BRIEF DESCRIPTION OF THE DRAWINGS
[0019] FIG. 1 is an illustrative diagram depicting an embodiment of
the process of the present invention.
[0020] FIG. 2 is a schematic figure of an electrode formed by using
both photosensitive paste and transfer film.
DETAILED DESCRIPTION OF THE INVENTION
[0021] In the present invention, an electrode pattern of an
electric device is formed by combining patterning using a
photosensitive paste and patterning using a transfer method.
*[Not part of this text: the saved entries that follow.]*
Lemma card_edges_del S v : v \in S ->
  #|edges S a| = #|edges (S :\ v) a| + #|nbr S v|.
Proof.
move=> vS; have vNnbr : v \notin nbr S v by rewrite inE adj_irr.
have set2_inj : {in nbr S v &, injective (fun u => [set v; u])}.
  move=> u1 u2 u1v _ eq12; have : u1 \in [set v; u2] by rewrite -eq12 !inE eqxx orbT.
  by rewrite !inE => /predU1P[u1_v|/eqP //]; move: u1v; rewrite u1_v (negbTE vNnbr).
have disj : edges (S :\ v) a :&: [set [set v; u] | u in nbr S v] = set0.
  apply/setP=> E; rewrite inE in_set0; apply/negP.
  case/andP=> /edgesP[u [w [-> /and3P[uSv wSv _]]]] /imsetP[z _ /setP/(_ v)].
  move: uSv wSv; rewrite !inE eqxx /= => /andP[uv _] /andP[wv _].
  by rewrite (eq_sym v u) (negbTE uv) (eq_sym v w) (negbTE wv).
by rewrite (edges_del vS) cardsU disj cards0 subn0 (card_in_imset set2_inj).
Qed.

Lemma dim_cyc_del S v : v \in S ->
  (dim_cyc (S :\ v) a + #|nbr S v|%:Z - #|nbr_comps S v|%:Z <= dim_cyc S a)%R.
Proof.
move=> vS; have := ncomp_del vS; have := card_edges_del vS.
have := cardsD1_mem vS; rewrite /dim_cyc; lia.
Qed.

Lemma dim_cyc_del_le S v : v \in S -> (dim_cyc (S :\ v) a <= dim_cyc S a)%R.
Proof.
move=> vS; have := dim_cyc_del vS.
have := leq_imset_card (fingraph.root (adj (S :\ v) a)) (nbr S v); rewrite /nbr_comps; lia.
Qed.

Definition nbrs_linked S v u w :=
  [&& adj S a v u, adj S a v w, u != w & connect (adj (S :\ v) a) u w].

Lemma dim_cyc_del_lt S v u w : nbrs_linked S v u w -> (dim_cyc (S :\ v) a < dim_cyc S a)%R.
Proof.
case/and4P=> vu vw uw u_w; have /and3P[vS _ _] := vu; have := dim_cyc_del vS.
suff : #|nbr_comps S v| + #|[set w]| <= #|nbr S v| by rewrite cards1; lia.
apply: card_imset_setD_le => [|_ /set1P->]; first by rewrite sub1set inE.
exists u; first by rewrite !inE uw.
by apply/esym/(fingraph.rootP (adj_connect_sym _)).
Qed.

Lemma dim_cyc_del_lt2 S v p q c d : nbrs_linked S v p q -> nbrs_linked S v c d ->
  c != p -> c != q -> (dim_cyc (S :\ v) a + 2 <= dim_cyc S a)%R.
Proof.
case/and4P=> vp vq pq p_q /and4P[vc vd cd c_d] cp cq.
have /and3P[vS _ _] := vp; have := dim_cyc_del vS.
suff : #|nbr_comps S v| + #|[set q; c]| <= #|nbr S v| by rewrite cards2 eq_sym cq; lia.
have f_eq := fingraph.rootP (adj_connect_sym (S :\ v)).
have pND : p \in nbr S v :\: [set q; c] by rewrite !inE negb_or pq eq_sym cp vp.
apply: card_imset_setD_le => [|_ /set2P[]->].
- by apply/subsetP=> _ /set2P[]->; rewrite inE.
- by exists p => //; apply/esym/f_eq.
have [dq|dq] := eqVneq d q.
  by exists p => //; rewrite (f_eq _ _ c_d) dq; apply/esym/f_eq.
by exists d; [rewrite !inE negb_or dq /= eq_sym cd vd | apply/f_eq].
Qed.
Ordinarily, a finer pattern can be formed by utilizing the transfer
method disclosed in U.S. Pat. No. 7,052,824, incorporated herein by
reference, in which a pattern is formed using a photosensitive
paste at portions where pattern width is comparatively large, while
a fine pattern is formed using a transfer method. Migration can be
effectively curtailed thereby. Manufacturing processes that employ
known photosensitive pastes can be used when only those fine
portions where migration is likely to occur are formed by transfer.
Existing equipment can be effectively utilized as a result.
[0022] The applications of the present invention are not
particularly limited. The present invention may be used, for
instance, in the manufacture of electrodes for PDPs. Finer display
resolutions require finer electrode structures. In particular,
multiple electrodes accumulate in a small area around tabs, at the
ends of the electrodes. The distance between electrodes becomes as
a result extremely narrow in such areas. Migration can be
effectively curtailed, with minimum investment in equipment, by
using a transfer method to form the periphery of tabs.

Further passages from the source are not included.